Zeuli John D, Rivera Christina G, Smith Bradley L, Otto Ashley, Temesgen Zelalem
HIV Program, Division of Infectious Diseases, Mayo Clinic, Rochester, Minnesota, USA.
Department of Pharmacy, Mayo Clinic, Rochester, Minnesota, USA.
Drugs Today (Barc). 2022 Dec;58(12):555-576. doi: 10.1358/dot.2022.58.12.3448340.
Cabotegravir, a novel HIV integrase inhibitor, shares structural similarity with dolutegravir and bictegravir. Its oral half-life is 32 hours, but cabotegravir nanosuspension for intramuscular injection yields half-lives ranging from 25 to 54 days, enabling extended interval dosing. Drug interactions are minimal, although oral doses require spacing from polyvalent cations, and potent uridine glucuronosyltransferase induction (e.g., rifampin, carbamazepine) requires avoidance due to anticipated subtherapeutic cabotegravir exposure through extended intervals. Randomized clinical trials combined cabotegravir treatment with rilpivirine to demonstrate treatment efficacy in patients living with HIV who had attained virologic suppression, lacked known/suspected mutations to either component, and had not experienced prior HIV treatment failure. Together, oral cabotegravir and rilpivirine maintained viral suppression in the LATTE study while the combination, given intramuscularly, performed comparably to conventional oral therapy in LATTE-2. FLAIR and ATLAS, respectively, demonstrated HIV suppression maintenance for monthly injections in treatment-naive participants and treatment-experienced patients, with ATLAS-2M supporting the efficacy of injections given every 2 months. Investigations to date show an excellent safety profile. Injectable cabotegravir causes short-lived, mild injection site reactions (primarily administration site pain/soreness) that decrease in frequency over time, produce attributable discontinuation rates of at least 2%, and generate satisfaction scores that favor injectable therapy over oral therapy. Virologic failure with resistance development is rare, primarily occurs in the first year of therapy, and is associated with baseline proviral DNA mutations to coadministered rilpivirine. A key component of the first U.S. Food and Drug Administration (FDA)-approved injectable maintenance treatment program for HIV, injectable cabotegravir heralds a new era in HIV treatment innovation. Here we provide a detailed review of the clinical pharmacology, administration and available formulations of the novel HIV integrase inhibitor cabotegravir with in-depth analysis of the clinical trial data, safety, satisfaction and viral resistance development when combined with rilpivirine as the first long-acting injectable program for the treatment of HIV infection.

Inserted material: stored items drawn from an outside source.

(* Let $q$ be a prime power, $n=q^4-1$, and let $0\le a_2,a_3<q$ with $a_2+a_3<q-1$. Then the interlude $[(a_2,a_3,a_2,a_3),(a_2+1,a_3,a_2+1,a_3)]_M$ contains exactly $a_3(q-a_3)$ minimal representatives of SR-asymmetric cosets of cardinality $2$.
   Context: Identify $\mathbb{Z}_n$ with $\{0,\ldots,n-1\}$, all arithmetic modulo $n$. The $q$-adic 4-tuple $(a_0,a_1,a_2,a_3)$ denotes $a_0+a_1q+a_2q^2+a_3q^3$ with $0\le a_i<q$. The cyclotomic coset of $x$ with respect to $q^2$ is $I_x=\{x,\,q^2x\bmod n\}$; its minimal representative is its least element. The (Hermitian) reciprocal coset of $I_x$ is $I_{n-qx}$. $I_x$ is symmetric if $I_{n-qx}=I_x$ and asymmetric otherwise; for an asymmetric pair with minimal representatives $x<y$, $I_x$ is FR-asymmetric and $I_y$ is SR-asymmetric. For $0\le a<q-1$, $0\le b<q$, the interlude $[(a,b,a,b),(a+1,b,a+1,b)]_M$ is the set of integers $x$ with $(a,b,a,b)<x<(a+1,b,a+1,b)$ that are minimal representatives of a coset of cardinality $2$. *)

From mathcomp Require Import all_boot.
Set Implicit Arguments. Unset Strict Implicit. Unset Printing Implicit Defensive.

Definition prime_power (q : nat) : Prop :=
  exists p k, prime p /\ 0 < k /\ q = p ^ k.

Definition qadic4 (q a0 a1 a2 a3 : nat) : nat :=
  a0 + a1 * q + a2 * q ^ 2 + a3 * q ^ 3.

(* Cyclotomic coset of x w.r.t. q^2 in Z_n (elements of Z_n as 0..n-1):
   I_x = {x mod n, q^2 x mod n}, listed as a sequence. *)
Definition coset (n q x : nat) : seq nat := [:: x %% n; (q ^ 2 * x) %% n].

Definition coset_eq (n q x y : nat) : bool :=
  all (fun z => z \in coset n q y) (coset n q x) &&
  all (fun z => z \in coset n q x) (coset n q y).

Definition minrep (n q x : nat) : nat := minn (x %% n) ((q ^ 2 * x) %% n).

Definition coset_card (n q x : nat) : nat := size (undup (coset n q x)).

Definition recip (n q x : nat) : nat := (n - (q * x) %% n) %% n.

Definition symmetric_coset (n q x : nat) : bool := coset_eq n q (recip n q x) x.

Definition SR_asymmetric (n q x : nat) : bool :=
  ~~ symmetric_coset n q x && (minrep n q (recip n q x) < minrep n q x).

Definition minrep_card2 (n q x : nat) : bool :=
  (x < n) && (x == minrep n q x) && (coset_card n q x == 2).

Definition interlude (n q lo hi : nat) : seq nat :=
  [seq x <- iota lo.+1 (hi - lo.+1) | minrep_card2 n q x].

From mathcomp Require Import all_boot zify.
Set Implicit Arguments. Unset Strict Implicit. Unset Printing Implicit Defensive.

(* Put Q = q^2, so that n = Q^2 - 1.  Modulo n, multiplication by Q swaps the
   two base-Q digits of x and multiplication by q rotates its four base-q
   digits, while x |-> n - x replaces every base-q digit d by q - 1 - d.
   Hence x = l + h Q is the minimal representative of a coset of size 2 iff
   h < l, and in the interlude these are the x = l + A Q with
   A = a2 + a3 q < l < Q.  Writing l = l0 + l1 q and c = q - 1 - d, the
   reciprocal coset of x = (l0,l1,a2,a3) is {(c3,c0,c1,c2), (c1,c2,c3,c0)}:
   the first element exceeds x since c2 > a3, and the second is below x iff
   c0 < a3, i.e. iff l0 >= q - a3.  Among q consecutive values of l exactly a3
   satisfy this, which gives a3 (q - a3) over the q - a3 blocks above a3 q;
   the values a3 q <= l <= A missing from the first block all have l0 <= a2
   < q - a3. *)

Lemma lt_digits2 b l h l' h' : l < b -> h < h' -> l + h * b < l' + h' * b.
Proof.
move=> lb hh; have : h.+1 * b <= h' * b by rewrite leq_mul2r hh orbT.
rewrite mulSn; lia.
Qed.

Lemma ltn_digits2 b l h l' h' : l < b -> l' < b ->
  (l + h * b < l' + h' * b) = (h < h') || (h == h') && (l < l').
Proof.
move=> lb l'b; case: (ltngtP h h') => [hh|hh|<-] /=.
- exact: lt_digits2.
- by apply/negbTE; rewrite -leqNgt ltnW // lt_digits2.
- by rewrite ltn_add2r.
Qed.

Lemma digits2_lt b l h : l < b -> h < b -> l + h * b < b ^ 2.
Proof. by move=> lb hb; rewrite -mulnn -[b * b]add0n lt_digits2. Qed.

Lemma mul_rotate_mod b M r d : 0 < b * M ->
  b * (r + d * M) = d + r * b %[mod b * M - 1].
Proof.
move=> bM; have -> : b * (r + d * M) = d * (b * M - 1) + (d + r * b).
  have e : d * (b * M - 1) + d = b * (d * M).
    by rewrite mulnBr muln1 subnK ?leq_pmulr // mulnCA.
  rewrite mulnDr [r * b]mulnC; lia.
by rewrite modnMDl.
Qed.

Lemma qadic4_split q d0 d1 d2 d3 :
  qadic4 q d0 d1 d2 d3 = (d0 + d1 * q) + (d2 + d3 * q) * q ^ 2.
Proof. by rewrite /qadic4 mulnDl -mulnA -expnS !addnA. Qed.

Lemma qadic4_rot1 q d0 d1 d2 d3 : 0 < q ->
  q * qadic4 q d0 d1 d2 d3 = qadic4 q d3 d0 d1 d2 %[mod q ^ 4 - 1].
Proof.
move=> q0; have q3 : q * q ^ 3 = q ^ 4 by rewrite -expnS.
rewrite -q3 /qadic4 mul_rotate_mod ?q3 ?expn_gt0 ?q0 //.
by congr (_ %% _); rewrite !mulnDl !expnS expn0 !muln1; lia.
Qed.

Lemma qadic4_rot2 q d0 d1 d2 d3 : 0 < q ->
  q ^ 2 * qadic4 q d0 d1 d2 d3 = qadic4 q d2 d3 d0 d1 %[mod q ^ 4 - 1].
Proof.
move=> q0; have q4 : q ^ 2 * q ^ 2 = q ^ 4 by rewrite -expnD.
by rewrite -q4 !qadic4_split mul_rotate_mod // q4 expn_gt0 q0.
Qed.

Lemma qadic4D q d0 d1 d2 d3 e0 e1 e2 e3 :
  qadic4 q d0 d1 d2 d3 + qadic4 q e0 e1 e2 e3 = qadic4 q (d0 + e0) (d1 + e1) (d2 + e2) (d3 + e3).
Proof. rewrite /qadic4 !mulnDl; lia. Qed.

Lemma qadic4_max q : qadic4 q q.-1 q.-1 q.-1 q.-1 = q ^ 4 - 1.
Proof.
by case: q => [|p] //=; rewrite /qadic4 !expnS expn0 !muln1; nia.
Qed.

Lemma qadic4_complement q d0 d1 d2 d3 : d0 < q -> d1 < q -> d2 < q -> d3 < q ->
  qadic4 q d0 d1 d2 d3 + qadic4 q (q.-1 - d0) (q.-1 - d1) (q.-1 - d2) (q.-1 - d3)
  = q ^ 4 - 1.
Proof.
move=> h0 h1 h2 h3; have q0 : 0 < q by apply: leq_ltn_trans h0.
have le d : d < q -> d <= q.-1 by move=> dq; rewrite -ltnS prednK.
by rewrite qadic4D !subnKC ?le // qadic4_max.
Qed.

Lemma qadic4_gt0 q d0 d1 d2 d3 : 0 < q ->
  (0 < qadic4 q d0 d1 d2 d3) = [|| 0 < d0, 0 < d1, 0 < d2 | 0 < d3].
Proof. by move=> q0; rewrite /qadic4 !addn_gt0 !muln_gt0 q0 !andbT !orbA. Qed.

Lemma coset_modn n q y : coset n q (y %% n) = coset n q y.
Proof. by rewrite /coset modn_mod modnMmr. Qed.

Lemma minrep_modn n q y : minrep n q (y %% n) = minrep n q y.
Proof. by rewrite /minrep modn_mod modnMmr. Qed.

(* The final reduction only matters for x = 0, whose complement is n itself. *)
Lemma recip_qadic4 q d0 d1 d2 d3 : d0 < q -> d1 < q -> d2 < q -> d3 < q ->
  recip (q ^ 4 - 1) q (qadic4 q d0 d1 d2 d3)
  = qadic4 q (q.-1 - d3) (q.-1 - d0) (q.-1 - d1) (q.-1 - d2) %% (q ^ 4 - 1).
Proof.
move=> h0 h1 h2 h3; set n := q ^ 4 - 1.
have := qadic4_complement h3 h0 h1 h2; rewrite -/n.
set r := qadic4 q d3 d0 d1 d2; set R := qadic4 q _ _ _ _ => /esym comp.
rewrite /recip qadic4_rot1 -/n -/r; last exact: leq_ltn_trans h0.
case: (ltngtP r n) => [rn|nr|rn].
- by rewrite (modn_small rn) {1}comp addKn.
- by move: nr; rewrite comp ltnNge leq_addr.
- have R0 : R = 0 by apply/eqP; rewrite -(eqn_add2l r) addn0 -comp rn.
  by rewrite rn modnn subn0 R0 modnn mod0n.
Qed.

Lemma minrep_card2_digits2 q l h : l < q ^ 2 -> h < q ^ 2 ->
  minrep_card2 (q ^ 4 - 1) q (l + h * q ^ 2) = (h < l).
Proof.
move=> lQ hQ; have q4 : q ^ 4 = q ^ 2 * q ^ 2 by rewrite -expnD.
set Q := q ^ 2 in lQ hQ q4 *; set n := q ^ 4 - 1; set x := l + h * Q.
have Q0 : 0 < Q := leq_ltn_trans (leq0n l) lQ.
have nE : n = Q.-1 + Q.-1 * Q by rewrite /n q4; nia.
have swap : (Q * x) %% n = (h + l * Q) %% n by rewrite /n q4 mul_rotate_mod // muln_gt0 Q0.
have xs : (x < h + l * Q) = (h < l).
  by rewrite ltn_digits2 //; case: (ltngtP h l).
rewrite /minrep_card2 /minrep /coset_card /coset swap.
case: (ltnP h l) => [hl | lh].
- have hQ' : h < Q.-1 by rewrite -ltnS prednK //; apply: leq_ltn_trans hl lQ.
  have xn : x < n by rewrite nE -[Q.-1]add0n lt_digits2.
  have sn : h + l * Q < n by rewrite nE -addSn leq_add // leq_mul2r -ltnS prednK ?lQ ?orbT.
  have xls : x < h + l * Q by rewrite xs.
  rewrite !modn_small // xn (minn_idPl (ltnW xls)) eqxx /=.
  by rewrite inE (ltn_eqF xls).
- apply/negP => /andP [/andP [xn /eqP xm] card2].
  have sx : (h + l * Q) %% n <= x by rewrite (leq_trans (leq_mod _ _)) // leqNgt xs -leqNgt.
  rewrite (modn_small xn) in xm card2.
  have sxE : (h + l * Q) %% n = x by rewrite {1}xm (minn_idPr sx).
  by move: card2; rewrite sxE /= inE eqxx.
Qed.

Lemma SR_asymmetric_qadic4 q a2 a3 l0 l1 :
  a2 + a3 < q.-1 -> l0 < q -> l1 < q -> a2 + a3 * q < l0 + l1 * q ->
  SR_asymmetric (q ^ 4 - 1) q (qadic4 q l0 l1 a2 a3) = (q - a3 <= l0).
Proof.
move=> a23 hl0 hl1 AL; set n := q ^ 4 - 1; set x := qadic4 q l0 l1 a2 a3.
have q0 : 0 < q := leq_ltn_trans (leq0n l0) hl0.
have ha2 : a2 < q by lia.
have ha3 : a3 < q by lia.
have /andP [/andP [xn /eqP xmin] _] : minrep_card2 n q x.
  by rewrite /x qadic4_split minrep_card2_digits2 ?digits2_lt.
have l01 : (0 < l0) || (0 < l1).
  by rewrite -(andbT (0 < l1)) -q0 -muln_gt0 -addn_gt0 (leq_ltn_trans _ AL).
set R := qadic4 q (q.-1 - a3) (q.-1 - l0) (q.-1 - l1) (q.-1 - a2).
set S := qadic4 q (q.-1 - l1) (q.-1 - a2) (q.-1 - a3) (q.-1 - l0).
have Rn : R < n.
  have : 0 < qadic4 q a3 l0 l1 a2 by rewrite qadic4_gt0 //; case/orP: l01 => ->; rewrite ?orbT.
  have := qadic4_complement ha3 hl0 hl1 ha2; rewrite -/n -/R; lia.
have Sn : S < n.
  have : 0 < qadic4 q l1 a2 a3 l0 by rewrite qadic4_gt0 //; case/orP: l01 => ->; rewrite ?orbT.
  have := qadic4_complement hl1 ha2 ha3 hl0; rewrite -/n -/S; lia.
have cosetR : coset n q (recip n q x) = [:: R; S].
  rewrite recip_qadic4 // coset_modn /coset qadic4_rot2 //.
  by rewrite !modn_small.
have xR : x < R.
  rewrite /x /R !qadic4_split lt_digits2 ?digits2_lt ?lt_digits2 //; lia.
have minR : minrep n q (recip n q x) = minn R S.
  by rewrite recip_qadic4 // minrep_modn /minrep qadic4_rot2 // !modn_small.
have xx' : x <= (q ^ 2 * x) %% n by rewrite {1}xmin geq_minr.
rewrite /SR_asymmetric /symmetric_coset /coset_eq cosetR minR -xmin.
case: (leqP (q - a3) l0) => hl.
- have Sx : S < x.
    rewrite /x /S !qadic4_split lt_digits2 ?digits2_lt ?lt_digits2 //; lia.
  rewrite (minn_idPr (ltnW (ltn_trans Sx xR))) Sx andbT /= /coset (modn_small xn).
  by rewrite !inE (ltn_eqF Sx) (ltn_eqF (leq_trans Sx xx')) /= !andbF.
- have xS : x < S.
    rewrite /x /S !qadic4_split lt_digits2 ?digits2_lt // ltn_digits2 //; lia.
  by rewrite ltnNge leq_min (ltnW xR) (ltnW xS) andbF.
Qed.

Lemma count_leq_iota0 m k : count (leq m) (iota 0 k) = k - m.
Proof.
elim: k => // k IH; rewrite -addn1 iotaD count_cat IH /= addn0 add0n.
by case: leqP; lia.
Qed.

Lemma count_modn_geq_block q m j k : k <= q ->
  count (fun l => m <= l %% q) (iota (j * q) k) = k - m.
Proof.
move=> kq; rewrite -[j * q]addn0 iotaDl count_map -count_leq_iota0.
apply: eq_in_count => i; rewrite mem_iota add0n => /andP [_ ik] /=.
by rewrite modnMDl modn_small // (leq_trans ik kq).
Qed.

Lemma count_modn_geq q m j k :
  count (fun l => m <= l %% q) (iota (j * q) (k * q)) = k * (q - m).
Proof.
elim: k j => [|k IH] j; first by rewrite !mul0n.
by rewrite mulSn iotaD count_cat count_modn_geq_block // -mulSnr IH mulSn.
Qed.

Lemma count_modn_geq_tail q a2 a3 : a2 + a3 < q ->
  count (fun l => q - a3 <= l %% q) (iota (a2 + a3 * q).+1 (q ^ 2 - (a2 + a3 * q).+1))
  = a3 * (q - a3).
Proof.
move=> a23; have a3q : a3.+1 * q <= q * q by rewrite leq_mul2r; apply/orP; right; lia.
have tail : iota (a3 * q) ((q - a3) * q)
          = iota (a3 * q) a2.+1 ++ iota (a2 + a3 * q).+1 (q ^ 2 - (a2 + a3 * q).+1).
  have -> : (a2 + a3 * q).+1 = a3 * q + a2.+1 by rewrite addnC addnS.
  by rewrite -iotaD -mulnn mulnBl; congr iota; move: a3q; rewrite mulSn; lia.
have := count_modn_geq q (q - a3) a3 (q - a3).
rewrite tail count_cat count_modn_geq_block; last lia.
have -> : a2.+1 - (q - a3) = 0 by lia.
by rewrite add0n mulnC subKn //; lia.
Qed.

Lemma iota_interlude Q A : A < Q ->
  iota (A + A * Q).+1 (A.+1 + A.+1 * Q - (A + A * Q).+1)
  = map (addn (A * Q)) (iota A.+1 (Q - A.+1)) ++ map (addn (A.+1 * Q)) (iota 0 A.+1).
Proof.
move=> AQ; rewrite -!iotaDl.
rewrite (_ : A.+1 * Q + 0 = A * Q + A.+1 + (Q - A.+1)); last by rewrite mulSn; lia.
rewrite -iotaD; congr iota; lia.
Qed.

Theorem mainTheorem15 (q a2 a3 : nat) :
  prime_power q -> a2 < q -> a3 < q -> a2 + a3 < q - 1 ->
  let n := q ^ 4 - 1 in
  count (SR_asymmetric n q)
    (interlude n q (qadic4 q a2 a3 a2 a3) (qadic4 q a2.+1 a3 a2.+1 a3))
  = a3 * (q - a3).
Proof.
move=> _ ha2 ha3; rewrite subn1 => a23 n.
have q0 : 0 < q := leq_ltn_trans (leq0n a2) ha2.
have a2q : a2.+1 < q by lia.
set A := a2 + a3 * q; have AQ : A.+1 < q ^ 2 := digits2_lt a2q ha3.
rewrite /interlude count_filter !qadic4_split addSn -/A.
rewrite iota_interlude ?(ltnW AQ) // count_cat !count_map.
rewrite (@eq_in_count _ _ pred0 (iota 0 A.+1)) ?count_pred0 ?addn0; last first.
  move=> l; rewrite mem_iota add0n => /andP [_ lA] /=.
  by rewrite addnC minrep_card2_digits2 ?(ltn_trans lA) // (leq_gtF (ltnW lA)) andbF.
rewrite -(@count_modn_geq_tail q a2 a3); last lia.
apply: eq_in_count => l; rewrite mem_iota subnKC ?(ltnW AQ) // => /andP [Al lQ] /=.
have lE : l + A * q ^ 2 = qadic4 q (l %% q) (l %/ q) a2 a3.
  by rewrite qadic4_split [l %% q + _]addnC -divn_eq.
rewrite addnC minrep_card2_digits2 ?(ltnW AQ) // Al andbT lE SR_asymmetric_qadic4 //.
- by rewrite ltn_mod.
- by rewrite ltn_divLR // mulnn.
- by rewrite [l %% q + _]addnC -divn_eq.
Qed.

卡博特韦是一种新型的HIV整合酶抑制剂,与多替拉韦和比克替拉韦结构相似。其口服半衰期为32小时,但用于肌肉注射的卡博特韦纳米混悬液的半衰期为25至54天,可延长给药间隔。药物相互作用极小,不过口服剂量需与多价阳离子间隔服用,且由于预期通过延长间隔会导致卡博特韦暴露不足而达不到治疗效果,所以需要避免与强效尿苷葡萄糖醛酸转移酶诱导剂(如利福平、卡马西平)联用。随机临床试验将卡博特韦治疗与利匹韦林联合使用,以证明其对已实现病毒学抑制、对两种药物均无已知/疑似突变且既往未出现HIV治疗失败的HIV感染者的治疗效果。在LATTE研究中,口服卡博特韦和利匹韦林联合使用可维持病毒抑制,而在LATTE - 2研究中,肌肉注射这两种药物的联合疗法与传统口服疗法效果相当。FLAIR和ATLAS研究分别证明了每月注射一次对初治参与者和经治患者的HIV抑制维持效果,ATLAS - 2M研究则支持每两个月注射一次的疗效。迄今为止的研究表明其安全性良好。注射用卡博特韦会引起短暂、轻微的注射部位反应(主要是给药部位疼痛/酸痛),且随着时间推移频率会降低,导致停药率至少为2%,患者满意度评分显示注射疗法优于口服疗法。出现耐药性的病毒学失败情况罕见,主要发生在治疗的第一年,且与同时使用的利匹韦林的基线前病毒DNA突变有关。注射用卡博特韦是美国食品药品监督管理局(FDA)批准的首个用于HIV的注射用维持治疗方案的关键组成部分,开创了HIV治疗创新的新时代。在此,我们详细综述新型HIV整合酶抑制剂卡博特韦的临床药理学、给药方法和可用剂型,并深入分析其与利匹韦林联合作为首个长效注射用HIV感染治疗方案时的临床试验数据、安全性、满意度和病毒耐药性发展情况。